Please take the lines from the one holding "From Stdlib Require" through the one holding "Definition wt (n" in the data below and copy them exactly.

***** INPUT FOR THIS TASK

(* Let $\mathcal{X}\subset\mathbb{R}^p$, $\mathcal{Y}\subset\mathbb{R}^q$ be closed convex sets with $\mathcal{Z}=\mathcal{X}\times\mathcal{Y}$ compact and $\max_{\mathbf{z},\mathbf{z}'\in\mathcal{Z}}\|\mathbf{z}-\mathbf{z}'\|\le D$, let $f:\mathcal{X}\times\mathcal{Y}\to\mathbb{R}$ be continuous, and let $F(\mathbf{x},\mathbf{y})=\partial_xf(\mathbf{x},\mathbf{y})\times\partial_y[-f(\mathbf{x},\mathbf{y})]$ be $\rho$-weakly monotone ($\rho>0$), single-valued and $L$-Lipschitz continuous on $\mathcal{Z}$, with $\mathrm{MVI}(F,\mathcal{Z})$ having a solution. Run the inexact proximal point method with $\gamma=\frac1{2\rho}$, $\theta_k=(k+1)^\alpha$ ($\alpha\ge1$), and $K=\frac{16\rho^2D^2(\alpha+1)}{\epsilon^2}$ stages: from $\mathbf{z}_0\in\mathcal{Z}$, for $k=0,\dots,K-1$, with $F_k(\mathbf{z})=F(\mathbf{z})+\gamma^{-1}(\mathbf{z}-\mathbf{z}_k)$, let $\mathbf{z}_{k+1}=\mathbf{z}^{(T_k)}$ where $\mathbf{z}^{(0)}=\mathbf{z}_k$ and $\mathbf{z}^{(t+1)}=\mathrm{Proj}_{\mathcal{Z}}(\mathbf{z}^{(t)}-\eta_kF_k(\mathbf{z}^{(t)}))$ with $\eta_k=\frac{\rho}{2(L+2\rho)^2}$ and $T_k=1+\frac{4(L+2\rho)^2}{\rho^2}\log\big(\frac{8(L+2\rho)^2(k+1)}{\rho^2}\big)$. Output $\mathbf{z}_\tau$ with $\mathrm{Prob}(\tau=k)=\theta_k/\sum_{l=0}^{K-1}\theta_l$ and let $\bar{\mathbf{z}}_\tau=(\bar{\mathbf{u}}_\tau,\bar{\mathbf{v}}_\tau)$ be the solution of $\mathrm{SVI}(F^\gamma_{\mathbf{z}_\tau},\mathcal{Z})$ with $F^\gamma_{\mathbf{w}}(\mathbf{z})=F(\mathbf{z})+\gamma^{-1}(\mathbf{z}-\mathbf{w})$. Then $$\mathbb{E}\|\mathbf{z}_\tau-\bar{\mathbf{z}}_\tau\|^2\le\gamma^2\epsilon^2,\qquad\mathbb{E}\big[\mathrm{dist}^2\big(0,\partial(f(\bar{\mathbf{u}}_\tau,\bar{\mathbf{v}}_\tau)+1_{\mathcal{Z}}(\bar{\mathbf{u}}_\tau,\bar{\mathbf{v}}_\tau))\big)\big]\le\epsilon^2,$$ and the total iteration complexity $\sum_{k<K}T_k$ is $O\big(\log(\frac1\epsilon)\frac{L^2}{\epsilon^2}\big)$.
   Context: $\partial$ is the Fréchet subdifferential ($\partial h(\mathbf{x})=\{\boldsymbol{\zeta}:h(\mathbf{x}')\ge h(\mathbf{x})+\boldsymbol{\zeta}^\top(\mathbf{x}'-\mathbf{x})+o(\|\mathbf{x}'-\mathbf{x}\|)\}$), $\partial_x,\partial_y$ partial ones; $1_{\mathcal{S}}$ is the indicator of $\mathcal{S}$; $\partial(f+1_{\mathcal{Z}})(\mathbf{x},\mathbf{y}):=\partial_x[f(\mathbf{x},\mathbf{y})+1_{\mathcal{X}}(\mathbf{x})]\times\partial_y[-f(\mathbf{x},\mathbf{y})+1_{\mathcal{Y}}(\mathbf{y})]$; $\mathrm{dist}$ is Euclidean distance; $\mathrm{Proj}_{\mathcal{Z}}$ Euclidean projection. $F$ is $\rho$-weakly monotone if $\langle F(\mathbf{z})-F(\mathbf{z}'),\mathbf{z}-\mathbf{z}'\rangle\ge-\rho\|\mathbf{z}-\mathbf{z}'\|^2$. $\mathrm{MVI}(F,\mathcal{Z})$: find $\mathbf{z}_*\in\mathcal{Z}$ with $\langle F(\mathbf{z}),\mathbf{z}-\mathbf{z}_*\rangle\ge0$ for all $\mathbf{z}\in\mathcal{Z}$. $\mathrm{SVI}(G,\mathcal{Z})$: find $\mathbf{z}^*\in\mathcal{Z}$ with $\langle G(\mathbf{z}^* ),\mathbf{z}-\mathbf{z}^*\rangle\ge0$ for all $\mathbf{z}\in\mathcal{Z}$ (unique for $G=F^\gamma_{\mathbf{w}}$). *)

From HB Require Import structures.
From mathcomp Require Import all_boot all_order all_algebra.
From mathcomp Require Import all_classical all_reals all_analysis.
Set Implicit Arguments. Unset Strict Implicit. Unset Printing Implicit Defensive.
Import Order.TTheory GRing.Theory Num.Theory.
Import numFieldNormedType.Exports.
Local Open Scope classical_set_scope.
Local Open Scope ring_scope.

**********
***** INPUT FOR THIS TASK

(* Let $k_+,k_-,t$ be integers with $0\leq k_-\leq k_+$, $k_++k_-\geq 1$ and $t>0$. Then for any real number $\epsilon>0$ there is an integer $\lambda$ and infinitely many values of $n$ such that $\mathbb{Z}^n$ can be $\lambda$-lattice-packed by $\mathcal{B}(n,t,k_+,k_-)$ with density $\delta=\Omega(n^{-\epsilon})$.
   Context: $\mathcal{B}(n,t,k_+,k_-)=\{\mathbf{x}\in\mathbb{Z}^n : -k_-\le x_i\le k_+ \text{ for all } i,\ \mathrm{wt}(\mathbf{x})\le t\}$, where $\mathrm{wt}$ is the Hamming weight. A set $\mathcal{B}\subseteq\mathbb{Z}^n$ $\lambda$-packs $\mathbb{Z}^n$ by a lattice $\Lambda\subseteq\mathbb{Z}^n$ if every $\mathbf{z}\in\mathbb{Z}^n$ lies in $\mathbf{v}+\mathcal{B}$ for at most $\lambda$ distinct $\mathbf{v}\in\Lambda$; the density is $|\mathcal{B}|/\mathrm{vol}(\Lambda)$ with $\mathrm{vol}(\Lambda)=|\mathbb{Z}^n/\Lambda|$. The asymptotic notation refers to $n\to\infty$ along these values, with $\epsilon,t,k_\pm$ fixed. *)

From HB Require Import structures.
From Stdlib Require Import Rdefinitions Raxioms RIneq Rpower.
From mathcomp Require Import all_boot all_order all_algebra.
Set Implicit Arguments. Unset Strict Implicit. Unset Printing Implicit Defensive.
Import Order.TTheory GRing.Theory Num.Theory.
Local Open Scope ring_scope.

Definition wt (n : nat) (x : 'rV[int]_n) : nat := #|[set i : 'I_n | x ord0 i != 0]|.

**********

**OUTPUT BELOW**
From Stdlib Require Import Rdefinitions Raxioms RIneq Rpower.
From mathcomp Require Import all_boot all_order all_algebra.
Set Implicit Arguments. Unset Strict Implicit. Unset Printing Implicit Defensive.
Import Order.TTheory GRing.Theory Num.Theory.
Local Open Scope ring_scope.

Definition wt (n : nat) (x : 'rV[int]_n) : nat := #|[set i : 'I_n | x ord0 i != 0]|.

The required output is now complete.